-- Exercise aim --
Return the run of lines below that opens with the line containing "cosF_coef n *" and closes with the line containing "assert (0 <= Rabs", keeping each one exact.

-- Saved data entries --
Lemma continuous_of_ex_derive (f : R -> R) x : ex_derive f x -> continuous f x.
Proof. exact (ex_derive_continuous (K := R_AbsRing) (V := R_NormedModule) f x). Qed.

Lemma eq_of_sub_mul_zero x y k e : e = 0 -> x - y = k * e -> x = y.
Proof. intros -> H; lra. Qed.

Lemma Rabs_sin_sqr_lt_1 b : -(PI/2) < b < PI/2 -> Rabs (sin b ^ 2) < 1.
Proof.
  intros Hb; assert (0 < cos b) by (apply cos_gt_0; lra).
  pose proof (sin2_cos2 b); unfold Rsqr in *.
  rewrite Rabs_right by nra; nra.
Qed.

Lemma is_RInt_sin_pow_even n :
  is_RInt (fun t => sin t ^ (2 * n)) (-(PI/2)) (PI/2) (PI * poch (1/2) n / INR (fact n)).
Proof.
  induction n as [|n IH].
  - replace (PI * poch (1/2) 0 / INR (fact 0)) with (scal (PI/2 - - (PI/2)) 1)
      by (compute -[PI]; field).
    apply (is_RInt_const (V := R_NormedModule)).
  - (* [(2n+1) sin^(2n) - (2n+2) sin^(2n+2)] is the derivative of [sin^(2n+1) cos],
       which vanishes at both ends *)
    assert (Hred : is_RInt (fun t => (2 * INR n + 1) * sin t ^ (2 * n) - (2 * INR n + 2) * sin t ^ (2 * S n))
                     (-(PI/2)) (PI/2) 0).
    { replace 0 with (minus (sin (PI/2) ^ (2*n+1) * cos (PI/2)) (sin (-(PI/2)) ^ (2*n+1) * cos (-(PI/2))))
        by (rewrite cos_neg, cos_PI2; compute -[PI sin cos pow]; ring).
      apply (is_RInt_derive (fun t => sin t ^ (2 * n + 1) * cos t)).
      - intros x _; auto_derive; [exact I|].
        replace (n + (n + 0) + 1)%nat with (S (2 * n)) by lia.
        replace (2 * S n)%nat with (S (S (2 * n))) by lia.
        pose proof (sin2_cos2 x) as Hpyth; unfold Rsqr in Hpyth.
        rewrite S_INR, mult_INR; simpl pow; simpl INR.
        set (P := sin x ^ (n + (n + 0))).
        apply Rminus_diag_uniq.
        transitivity ((2 * INR n + 1) * P * (sin x * sin x + cos x * cos x - 1)); [ring|].
        rewrite Hpyth; ring.
      - intros x _; apply continuous_of_ex_derive; auto_derive; exact I. }
    pose proof (pos_INR n); pose proof (INR_fact_lt_0 n).
    pose proof (is_RInt_scal _ _ _ (/ (2 * INR n + 2)) _
      (is_RInt_minus _ _ _ _ _ _ (is_RInt_scal _ _ _ (2 * INR n + 1) _ IH) Hred)) as Hlin.
    replace (PI * poch (1/2) (S n) / INR (fact (S n))) with
      (scal (/ (2 * INR n + 2)) (minus (scal (2 * INR n + 1) (PI * poch (1/2) n / INR (fact n))) 0)).
    + revert Hlin; apply is_RInt_ext; intros x _.
      compute -[sin pow INR]; field; lra.
    + simpl poch; rewrite fact_simpl, mult_INR, S_INR.
      compute -[PI poch INR fact]; field; lra.
Qed.

Section CosMultiple.

Variable a : R.
Hypothesis Ha : a * a <= 3.

(* [cosF t] is F((1+a)/2, (1-a)/2, 1/2 | t), the function with
   [cos (a * b) = cosF (sin b ^ 2) * cos b] ([cos_mul_cosF]). *)
Definition cosF_coef (n : nat) : R :=
  poch ((1 + a) / 2) n * poch ((1 - a) / 2) n / (poch (1/2) n * INR (fact n)).

Definition cosF (t : R) : R := PSeries cosF_coef t.
Definition cosF' (t : R) : R := PSeries (PS_derive cosF_coef) t.
Definition cosF'' (t : R) : R := PSeries (PS_derive (PS_derive cosF_coef)) t.

Lemma cosF_coef_0 : cosF_coef 0 = 1.
Proof. unfold cosF_coef; simpl; field. Qed.

Lemma cosF_coef_S n : cosF_coef (S n) =
  cosF_coef n * (((1 + a) / 2 + INR n) * ((1 - a) / 2 + INR n)) / ((1/2 + INR n) * (INR n + 1)).
Proof.
  unfold cosF_coef; simpl poch; rewrite fact_simpl, mult_INR, S_INR.
  pose proof (poch_pos (1/2) n ltac:(lra)); pose proof (INR_fact_lt_0 n); pose proof (pos_INR n).
  field; repeat split; lra.
Qed.

Lemma Rabs_cosF_coef_le_1 n : Rabs (cosF_coef n) <= 1.
Proof.
  induction n as [|n IH]; [rewrite cosF_coef_0, Rabs_R1; lra|].
  rewrite cosF_coef_S; pose proof (pos_INR n).
  set (D := (1/2 + INR n) * (INR n + 1)).
  set (N := ((1 + a) / 2 + INR n) * ((1 - a) / 2 + INR n)).
  assert (HD : 0 < D) by (unfold D; nra).
  (* the hypothesis [a * a <= 3] is exactly [-D <= N] at [n = 0] *)
  assert (HN : Rabs N <= D) by (apply Rabs_le; unfold N, D; split; nra).
  unfold Rdiv; rewrite !Rabs_mult, Rabs_inv, (Rabs_right D) by lra.
  pose proof (Rabs_pos (cosF_coef n)); pose proof (Rabs_pos N).
  apply Rmult_le_reg_r with D; [exact HD|].
  rewrite Rmult_assoc, Rinv_l by lra; nra.
Qed.

Lemma CV_radius_cosF_coef t : Rabs t < 1 -> Rbar_lt (Rabs t) (CV_radius cosF_coef).
Proof.
  intros Ht; destruct (CV_radius_bounded cosF_coef) as [Hub _].
  apply Rbar_lt_le_trans with (Finite ((Rabs t + 1) / 2)); [simpl; lra|].
  apply Hub; exists 1; intro n.
  rewrite Rabs_mult, <- RPow_abs.
  pose proof (Rabs_cosF_coef_le_1 n); pose proof (Rabs_pos (cosF_coef n)); pose proof (Rabs_pos t).
  assert (0 <= Rabs ((Rabs t + 1) / 2) ^ n <= 1).
  { rewrite (Rabs_right ((Rabs t + 1) / 2)) by lra.
    split; [apply pow_le; lra|apply Rle_trans with (1 ^ n); [apply pow_incr; lra|rewrite pow1; lra]]. }
  nra.
Qed.

Lemma CV_radius_cosF_coef' t : Rabs t < 1 ->
  Rbar_lt (Rabs t) (CV_radius (PS_derive cosF_coef)).
Proof. rewrite CV_radius_derive; apply CV_radius_cosF_coef. Qed.

Lemma CV_radius_cosF_coef'' t : Rabs t < 1 ->
  Rbar_lt (Rabs t) (CV_radius (PS_derive (PS_derive cosF_coef))).
Proof. rewrite !CV_radius_derive; apply CV_radius_cosF_coef. Qed.

Lemma is_derive_cosF t : Rabs t < 1 -> is_derive cosF t (cosF' t).
Proof. intros; apply is_derive_PSeries, CV_radius_cosF_coef; assumption. Qed.

Lemma is_derive_cosF' t : Rabs t < 1 -> is_derive cosF' t (cosF'' t).
Proof. intros; apply is_derive_PSeries, CV_radius_cosF_coef'; assumption. Qed.

Lemma Derive_cosF t : Rabs t < 1 -> Derive (fun x : R => cosF x) t = cosF' t.
Proof. intros; apply is_derive_unique, is_derive_cosF; assumption. Qed.

Lemma Derive_cosF' t : Rabs t < 1 -> Derive (fun x : R => cosF' x) t = cosF'' t.
Proof. intros; apply is_derive_unique, is_derive_cosF'; assumption. Qed.

Lemma cosF_hypergeometric_ode t : Rabs t < 1 ->
  t * (1 - t) * cosF'' t + (1/2 - 2 * t) * cosF' t - (1 - a * a) / 4 * cosF t = 0.
Proof.
  intros Ht.
  pose proof (CV_radius_inside _ _ (CV_radius_cosF_coef t Ht)) as E0.
  pose proof (CV_radius_inside _ _ (CV_radius_cosF_coef' t Ht)) as E1.
  pose proof (CV_radius_inside _ _ (CV_radius_cosF_coef'' t Ht)) as E2.
  unfold cosF, cosF', cosF''.
  set (q := cosF_coef) in *; set (q1 := PS_derive q) in *; set (q2 := PS_derive q1) in *.
  assert (Hscal : forall (c : R) (b : nat -> R), ex_pseries b t -> ex_pseries (PS_scal c b) t)
    by (intros; apply ex_pseries_scal; [apply Rmult_comm|assumption]).
  pose proof (ex_pseries_incr_1 _ _ E1) as I1.
  pose proof (ex_pseries_incr_1 _ _ E2) as I2.
  pose proof (ex_pseries_incr_1 _ _ I2) as I22.
  transitivity (PSeries (PS_plus (PS_incr_1 q2) (PS_plus (PS_scal (-1) (PS_incr_1 (PS_incr_1 q2)))
     (PS_plus (PS_scal (1/2) q1) (PS_plus (PS_scal (-2) (PS_incr_1 q1))
       (PS_scal (-((1 - a * a) / 4)) q))))) t).
  - rewrite !PSeries_plus; auto 6 using ex_pseries_plus.
    rewrite !PSeries_scal, !PSeries_incr_1; ring.
  - (* coefficientwise, this is the recurrence [cosF_coef_S] *)
    rewrite <- (PSeries_const_0 t); apply PSeries_ext; intro n.
    unfold PS_plus, PS_scal, PS_incr_1, q2, q1, PS_derive, plus, scal, mult, zero; cbn -[INR cosF_coef].
    unfold q; destruct n as [|[|m]].
    + rewrite cosF_coef_S, cosF_coef_0; simpl INR; field.
    + rewrite (cosF_coef_S 1), cosF_coef_S, cosF_coef_0; simpl INR; field.
    + rewrite (cosF_coef_S (S (S m))), !S_INR; pose proof (pos_INR m); field; lra.
Qed.

Lemma Un_cv_cosF x : Rabs x < 1 ->
  Un_cv (fun n => sum_f_R0 (fun k => cosF_coef k * x ^ k) n) (cosF x).
Proof.
  intros Hx; apply is_series_Reals.
  pose proof (PSeries_correct _ _ (CV_radius_inside _ _ (CV_radius_cosF_coef x Hx))) as H.
  revert H; apply is_series_ext; intro n.
  rewrite pow_n_pow; compute -[cosF_coef pow]; ring.
Qed.

Lemma Rabs_cosF_sub_partial_sum_le x z N : 0 <= z < 1 -> Rabs x <= z ->
  Rabs (cosF x - sum_f_R0 (fun k => cosF_coef k * x ^ k) N) <= z ^ S N / (1 - z).
Proof.
  intros Hz Hx.
  assert (Hgeom : Un_cv (fun n => sum_f_R0 (fun k => z ^ k) n) (/ (1 - z))).
  { intros eps Heps; destruct (GP_infinite z ltac:(rewrite Rabs_right; lra) eps Heps) as [N0 HN].
    exists N0; intros n Hn; rewrite (sum_eq _ (fun k => 1 * z ^ k)) by (intros; ring).
    apply HN, Hn. }
  pose proof (sum_maj1 (fun k y => cosF_coef k * y ^ k) (fun k => z ^ k) x (cosF x) (/ (1 - z)) N
    (Un_cv_cosF x ltac:(lra)) Hgeom) as Hmaj.
  unfold SP in Hmaj; rewrite tech3 in Hmaj by lra.
  replace (z ^ S N / (1 - z)) with (/ (1 - z) - (1 - z ^ S N) / (1 - z)) by (field; lra).
  apply Hmaj; intro n; rewrite Rabs_mult, <- RPow_abs.
  pose proof (Rabs_cosF_coef_le_1 n); pose proof (Rabs_pos (cosF_coef n)).
  assert (Rabs x ^ n <= z ^ n) by (apply pow_incr; split; [apply Rabs_pos|assumption]).
  pose proof (pow_le (Rabs x) n (Rabs_pos x)).
  nra.
Qed.

Lemma Rabs_mul_sin_sqr_le z t : 0 <= z -> Rabs (z * sin t ^ 2) <= z.
Proof.
  intros Hz; pose proof (sin2_cos2 t); unfold Rsqr in *.
  rewrite Rabs_right by nra; nra.
Qed.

-- Final answer --
  cosF_coef n * (((1 + a) / 2 + INR n) * ((1 - a) / 2 + INR n)) / ((1/2 + INR n) * (INR n + 1)).
Proof.
  unfold cosF_coef; simpl poch; rewrite fact_simpl, mult_INR, S_INR.
  pose proof (poch_pos (1/2) n ltac:(lra)); pose proof (INR_fact_lt_0 n); pose proof (pos_INR n).
  field; repeat split; lra.
Qed.

Lemma Rabs_cosF_coef_le_1 n : Rabs (cosF_coef n) <= 1.
Proof.
  induction n as [|n IH]; [rewrite cosF_coef_0, Rabs_R1; lra|].
  rewrite cosF_coef_S; pose proof (pos_INR n).
  set (D := (1/2 + INR n) * (INR n + 1)).
  set (N := ((1 + a) / 2 + INR n) * ((1 - a) / 2 + INR n)).
  assert (HD : 0 < D) by (unfold D; nra).
  (* the hypothesis [a * a <= 3] is exactly [-D <= N] at [n = 0] *)
  assert (HN : Rabs N <= D) by (apply Rabs_le; unfold N, D; split; nra).
  unfold Rdiv; rewrite !Rabs_mult, Rabs_inv, (Rabs_right D) by lra.
  pose proof (Rabs_pos (cosF_coef n)); pose proof (Rabs_pos N).
  apply Rmult_le_reg_r with D; [exact HD|].
  rewrite Rmult_assoc, Rinv_l by lra; nra.
Qed.

Lemma CV_radius_cosF_coef t : Rabs t < 1 -> Rbar_lt (Rabs t) (CV_radius cosF_coef).
Proof.
  intros Ht; destruct (CV_radius_bounded cosF_coef) as [Hub _].
  apply Rbar_lt_le_trans with (Finite ((Rabs t + 1) / 2)); [simpl; lra|].
  apply Hub; exists 1; intro n.
  rewrite Rabs_mult, <- RPow_abs.
  pose proof (Rabs_cosF_coef_le_1 n); pose proof (Rabs_pos (cosF_coef n)); pose proof (Rabs_pos t).
  assert (0 <= Rabs ((Rabs t + 1) / 2) ^ n <= 1).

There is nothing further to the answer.